▶ _Your assignment_:
In the entries below, every line with the string "Lemma" is to be reported.

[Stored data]

########################################

(* Let $u$ be a sufficiently regular function and $H=(H^{\alpha\beta})$ a sufficiently regular symmetric 2-tensor field on $\mathcal{K}_{[s_0,s_1]}$. Let $I$ be a multi-index with values in $\{0,1,2\}$, $J$ a multi-index with values in $\{1,2\}$, $p=|I|+|J|$, $k=|J|$. Then, with a constant $C$ determined by $I,J$, $$\big|[\partial^IL^J,\underline{H}^{00}\partial_t\partial_t]u\big|\le C\!\!\!\sum_{|I_1|+|I_2|\le|I|,\ |J_1|+|J_2|\le|J|\atop |I_2|+|J_2|\ge1}\!\!\!|\partial^{I_2}L^{J_2}\underline{H}^{00}|\,|\partial_t\partial_t\partial^{I_1}L^{J_1}u|+C|\underline{H}^{00}|\sum_{0\le|J'|<|J|}|\partial_t\partial_t\partial^IL^{J'}u|$$ $$+Ct^{-1}\sum_{p_1+p_2\le p,\ p_1<p\atop k_1+k_2\le k}|\underline{H}^{00}|_{p_2,k_2}|\partial u|_{p_1+1,k_1+1}+Ct^{-1}|\underline{H}^{00}|\,|\partial u|_{p,k},$$ where $[\partial^IL^J,\underline{H}^{00}\partial_t\partial_t]u:=\partial^IL^J(\underline{H}^{00}\partial_t\partial_tu)-\underline{H}^{00}\partial_t\partial_t\partial^IL^Ju$.
   Context: Coordinates $(t,x)=(x^0,x^1,x^2)$, $r=|x|$, $\partial_0=\partial_t$, summation over repeated indices. $\mathcal{K}_{[s_0,s_1]}=\{(t,x): t>r+1,\ s_0^2\le t^2-r^2\le s_1^2\}$. Boosts $L_a=x^a\partial_t+t\partial_a$; $\partial^I=\partial_{i_1}\cdots\partial_{i_m}$, $L^J=L_{j_1}\cdots L_{j_n}$. $\underline{H}^{00}:=H^{00}-2(x^a/t)H^{a0}+(x^ax^b/t^2)H^{ab}$. For a function $w$: $|w|_{p,k}:=\max|Z^Kw|$ over all operators $Z^K$ that are compositions, in any order, of $i$ partial derivatives $\partial_\alpha$ and $j$ boosts $L_a$ with $i+j\le p$, $j\le k$; $|\partial w|_{p,k}:=\max_\alpha|\partial_\alpha w|_{p,k}$. *)

From Stdlib Require Import Reals List.
From Coquelicot Require Import Coquelicot.
Import ListNotations.
Open Scope R_scope.

(* Functions of (t, x^1, x^2). *)
Definition fn := R -> R -> R -> R.

Inductive idx3 := D0 | D1 | D2.
Inductive idx2 := B1 | B2.

Definition all_idx3 : list idx3 := [D0; D1; D2].
Definition all_idx2 : list idx2 := [B1; B2].

Definition pd (a : idx3) (w : fn) : fn :=
  match a with
  | D0 => fun t x y => Derive (fun s => w s x y) t
  | D1 => fun t x y => Derive (fun s => w t s y) x
  | D2 => fun t x y => Derive (fun s => w t x s) y
  end.

Definition idx_of (b : idx2) : idx3 := match b with B1 => D1 | B2 => D2 end.

Definition coord (b : idx2) (t x y : R) : R := match b with B1 => x | B2 => y end.

Definition boost (b : idx2) (w : fn) : fn :=
  fun t x y => coord b t x y * pd D0 w t x y + t * pd (idx_of b) w t x y.

Definition pdI (I : list idx3) (w : fn) : fn := fold_right pd w I.
Definition LJ (J : list idx2) (w : fn) : fn := fold_right boost w J.

Definition dtt (w : fn) : fn := pd D0 (pd D0 w).

(* general operators Z^K : compositions of ∂_α and L_a in any order *)
Inductive zop := Zd (a : idx3) | ZL (b : idx2).
Definition apply_zop (z : zop) (w : fn) : fn :=
  match z with Zd a => pd a w | ZL b => boost b w end.
Definition applyZ (K : list zop) (w : fn) : fn := fold_right apply_zop w K.
Definition isL (z : zop) : bool := match z with Zd _ => false | ZL _ => true end.
Definition numL (K : list zop) : nat := length (filter isL K).
Definition all_zop : list zop := map Zd all_idx3 ++ map ZL all_idx2.

Fixpoint lists_len {A : Type} (xs : list A) (n : nat) : list (list A) :=
  match n with
  | O => [[]]
  | S m => flat_map (fun l => map (fun a => a :: l) xs) (lists_len xs m)
  end.
Definition lists_upto {A : Type} (xs : list A) (n : nat) : list (list A) :=
  flat_map (lists_len xs) (seq 0 (S n)).

Definition sumR (l : list R) : R := fold_right Rplus 0 l.

(* |w|_{p,k} at a point: max |Z^K w| over Z^K with i+j <= p, j <= k *)
Definition normpk (p k : nat) (w : fn) (t x y : R) : R :=
  fold_right Rmax 0
    (map (fun K => Rabs (applyZ K w t x y))
       (filter (fun K => Nat.leb (numL K) k) (lists_upto all_zop p))).

Definition normd (p k : nat) (w : fn) (t x y : R) : R :=
  Rmax (normpk p k (pd D0 w) t x y)
       (Rmax (normpk p k (pd D1 w) t x y) (normpk p k (pd D2 w) t x y)).

Definition Hbar00 (H : idx3 -> idx3 -> fn) : fn :=
  fun t x y =>
    H D0 D0 t x y
    - 2 * sumR (map (fun a => coord a t x y / t * H (idx_of a) D0 t x y) all_idx2)
    + sumR (flat_map (fun a => map (fun b =>
          coord a t x y * coord b t x y / (t ^ 2) * H (idx_of a) (idx_of b) t x y)
          all_idx2) all_idx2).

Definition rad (x y : R) : R := sqrt (x ^ 2 + y ^ 2).
Definition inK (s0 s1 t x y : R) : Prop :=
  t > rad x y + 1 /\ s0 ^ 2 <= t ^ 2 - (rad x y) ^ 2 /\ t ^ 2 - (rad x y) ^ 2 <= s1 ^ 2.

Definition open3 (U : R -> R -> R -> Prop) : Prop :=
  forall t x y, U t x y -> exists eps, 0 < eps /\
    forall t' x' y', Rabs (t' - t) < eps -> Rabs (x' - x) < eps -> Rabs (y' - y) < eps ->
      U t' x' y'.

Definition cont3_at (g : fn) (t x y : R) : Prop :=
  forall e, 0 < e -> exists d, 0 < d /\
    forall t' x' y', Rabs (t' - t) < d -> Rabs (x' - x) < d -> Rabs (y' - y) < d ->
      Rabs (g t' x' y' - g t x y) < e.

Definition smooth_on (U : R -> R -> R -> Prop) (w : fn) : Prop :=
  forall (l : list idx3) t x y, U t x y ->
    let g := pdI l w in
    cont3_at g t x y /\
    ex_derive (fun s => g s x y) t /\
    ex_derive (fun s => g t s y) x /\
    ex_derive (fun s => g t x s) y.

Definition comm (I : list idx3) (J : list idx2) (Hb u : fn) : fn :=
  fun t x y =>
    pdI I (LJ J (fun t' x' y' => Hb t' x' y' * dtt u t' x' y')) t x y
    - Hb t x y * dtt (pdI I (LJ J u)) t x y.

Definition rhs1 (I : list idx3) (J : list idx2) (Hb u : fn) (t x y : R) : R :=
  let nI := length I in let nJ := length J in
  sumR (map (fun q : list idx3 * list idx3 * list idx2 * list idx2 =>
      let '(I1, I2, J1, J2) := q in
      Rabs (pdI I2 (LJ J2 Hb) t x y) * Rabs (dtt (pdI I1 (LJ J1 u)) t x y))
    (filter (fun q : list idx3 * list idx3 * list idx2 * list idx2 =>
        let '(I1, I2, J1, J2) := q in
        Nat.leb (length I1 + length I2) nI && Nat.leb (length J1 + length J2) nJ
        && Nat.leb 1 (length I2 + length J2))%bool
      (list_prod (list_prod (list_prod (lists_upto all_idx3 nI) (lists_upto all_idx3 nI))
                  (lists_upto all_idx2 nJ)) (lists_upto all_idx2 nJ)))).

Definition rhs2 (I : list idx3) (J : list idx2) (u : fn) (t x y : R) : R :=
  sumR (map (fun J' => Rabs (dtt (pdI I (LJ J' u)) t x y))
    (filter (fun J' => Nat.ltb (length J') (length J)) (lists_upto all_idx2 (length J)))).

Definition rhs3 (p k : nat) (Hb u : fn) (t x y : R) : R :=
  sumR (flat_map (fun p1 => flat_map (fun p2 => flat_map (fun k1 => map (fun k2 =>
      normpk p2 k2 Hb t x y * normd (p1 + 1) (k1 + 1) u t x y)
      (filter (fun k2 => Nat.leb (k1 + k2) k) (seq 0 (S k))))
      (seq 0 (S k)))
      (filter (fun p2 => Nat.leb (p1 + p2) p) (seq 0 (S p))))
    (seq 0 p)).

(* Write Z^K = ∂^I L^J.  The commutator splits as
     [Z^K, Hb] ∂_t∂_t u + Hb [Z^K, ∂_t∂_t] u.
   By the Leibniz rule the first part is a sum of products (Z^A Hb)(Z^B ∂_t∂_t u) over the
   splittings of K in which at least one vector field hits Hb.  Since
   [∂_a, L_b] = δ_ab ∂_t + δ_a0 ∂_b, the second part is a combination of second derivatives
   ∂∂ ∂^I L^J' u with |J'| < |J|, and so is Z^B ∂_t∂_t u - ∂_t∂_t Z^B u.  Finally, in the
   cone |x| <= t the identity t ∂_a = L_a - x^a ∂_t bounds every second derivative of w by
   |∂_t∂_t w| + C t^-1 (|∂ w| + |∂ L w|), and the first derivatives of Z^K u are controlled
   by |∂u|_{p,k}.  Keeping track of the l^1 size of all these linear combinations gives C. *)

From Pilot Require Import Defs.
From Stdlib Require Import Reals List Lra Lia.
From Coquelicot Require Import Coquelicot.
Import ListNotations.
Open Scope R_scope.

Definition fadd (f g : fn) : fn := fun t x y => f t x y + g t x y.
Definition fsub (f g : fn) : fn := fun t x y => f t x y - g t x y.
Definition fmul (f g : fn) : fn := fun t x y => f t x y * g t x y.
Definition fscal (c : R) (f : fn) : fn := fun t x y => c * f t x y.
Definition fconst (c : R) : fn := fun _ _ _ => c.
Definition ftime : fn := fun t _ _ => t.
Definition frecip_time : fn := fun t _ _ => / t.

(** * Continuity in three variables *)

Lemma cont3_at_const c t x y : cont3_at (fconst c) t x y.
Proof.
  intros e he; exists 1; split; [lra|]; intros.
  unfold fconst; rewrite Rminus_diag, Rabs_R0; exact he.
Qed.

Lemma cont3_at_time t x y : cont3_at ftime t x y.
Proof. intros e he; exists e; split; auto. Qed.

Lemma cont3_at_coord b t x y : cont3_at (coord b) t x y.
Proof. intros e he; exists e; split; auto; destruct b; simpl; auto. Qed.

Lemma cont3_at_common f g t x y : cont3_at f t x y -> cont3_at g t x y ->
  forall e, 0 < e -> exists d, 0 < d /\
    forall t' x' y', Rabs (t' - t) < d -> Rabs (x' - x) < d -> Rabs (y' - y) < d ->
      Rabs (f t' x' y' - f t x y) < e /\ Rabs (g t' x' y' - g t x y) < e.
Proof.
  intros Hf Hg e he.
  destruct (Hf e he) as [d1 [hd1 H1]], (Hg e he) as [d2 [hd2 H2]].
  exists (Rmin d1 d2); split; [apply Rmin_glb_lt; auto|].
  intros t' x' y' ht hx hy.
  pose proof (Rmin_l d1 d2); pose proof (Rmin_r d1 d2).
  split; [apply H1 | apply H2]; lra.
Qed.

Lemma cont3_at_add f g t x y :
  cont3_at f t x y -> cont3_at g t x y -> cont3_at (fadd f g) t x y.
Proof.
  intros Hf Hg e he.
  destruct (cont3_at_common f g t x y Hf Hg (e / 2)) as [d [hd Hd]]; [lra|].
  exists d; split; auto; intros t' x' y' ht hx hy.
  destruct (Hd t' x' y' ht hx hy) as [Ef Eg]; unfold fadd.
  replace (f t' x' y' + g t' x' y' - (f t x y + g t x y))
    with ((f t' x' y' - f t x y) + (g t' x' y' - g t x y)) by ring.
  eapply Rle_lt_trans; [apply Rabs_triang | lra].
Qed.

Lemma cont3_at_mul f g t x y :
  cont3_at f t x y -> cont3_at g t x y -> cont3_at (fmul f g) t x y.
Proof.
  intros Hf Hg e he.
  set (A := Rabs (f t x y)); set (B := Rabs (g t x y)).
  assert (hA : 0 <= A) by apply Rabs_pos; assert (hB : 0 <= B) by apply Rabs_pos.
  set (eta := Rmin 1 (e / (A + B + 2))).
  assert (heta : 0 < eta) by (apply Rmin_glb_lt; [lra | apply Rdiv_lt_0_compat; lra]).
  assert (eta_le1 : eta <= 1) by apply Rmin_l.
  assert (eta_small : eta * (A + B + 2) <= e).
  { assert (eta <= e / (A + B + 2)) by apply Rmin_r.
    apply Rle_trans with (e / (A + B + 2) * (A + B + 2)).
    - apply Rmult_le_compat_r; lra.
    - right; field; lra. }
  destruct (cont3_at_common f g t x y Hf Hg eta heta) as [d [hd Hd]].
  exists d; split; auto; intros t' x' y' ht hx hy.
  destruct (Hd t' x' y' ht hx hy) as [Ef Eg]; unfold fmul.
  set (a := f t' x' y' - f t x y) in Ef; set (b := g t' x' y' - g t x y) in Eg.
  replace (f t' x' y' * g t' x' y' - f t x y * g t x y)
    with (a * b + a * g t x y + f t x y * b) by (unfold a, b; ring).
  assert (Htri : Rabs (a * b + a * g t x y + f t x y * b)
          <= Rabs (a * b) + Rabs (a * g t x y) + Rabs (f t x y * b)).
  { eapply Rle_trans; [apply Rabs_triang|]. apply Rplus_le_compat_r, Rabs_triang. }
  rewrite !Rabs_mult in Htri; fold A B in Htri.
  pose proof (Rabs_pos a); pose proof (Rabs_pos b).
  nra.
Qed.

Lemma cont3_at_of_ex_derive_time (h : R -> R) t x y :
  ex_derive h t -> cont3_at (fun s _ _ => h s) t x y.
Proof.
  intros Hd e he.
  destruct (proj1 (filterlim_locally h (h t)) (ex_derive_continuous h t Hd) (mkposreal e he))
    as [d Hd'].
  exists d; split; [apply cond_pos|]. intros t' x' y' ht _ _. exact (Hd' t' ht).
Qed.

########################################

▶ _Solution_:
Lemma cont3_at_const c t x y : cont3_at (fconst c) t x y.
Lemma cont3_at_time t x y : cont3_at ftime t x y.
Lemma cont3_at_coord b t x y : cont3_at (coord b) t x y.
Lemma cont3_at_common f g t x y : cont3_at f t x y -> cont3_at g t x y ->
Lemma cont3_at_add f g t x y :
Lemma cont3_at_mul f g t x y :
Lemma cont3_at_of_ex_derive_time (h : R -> R) t x y :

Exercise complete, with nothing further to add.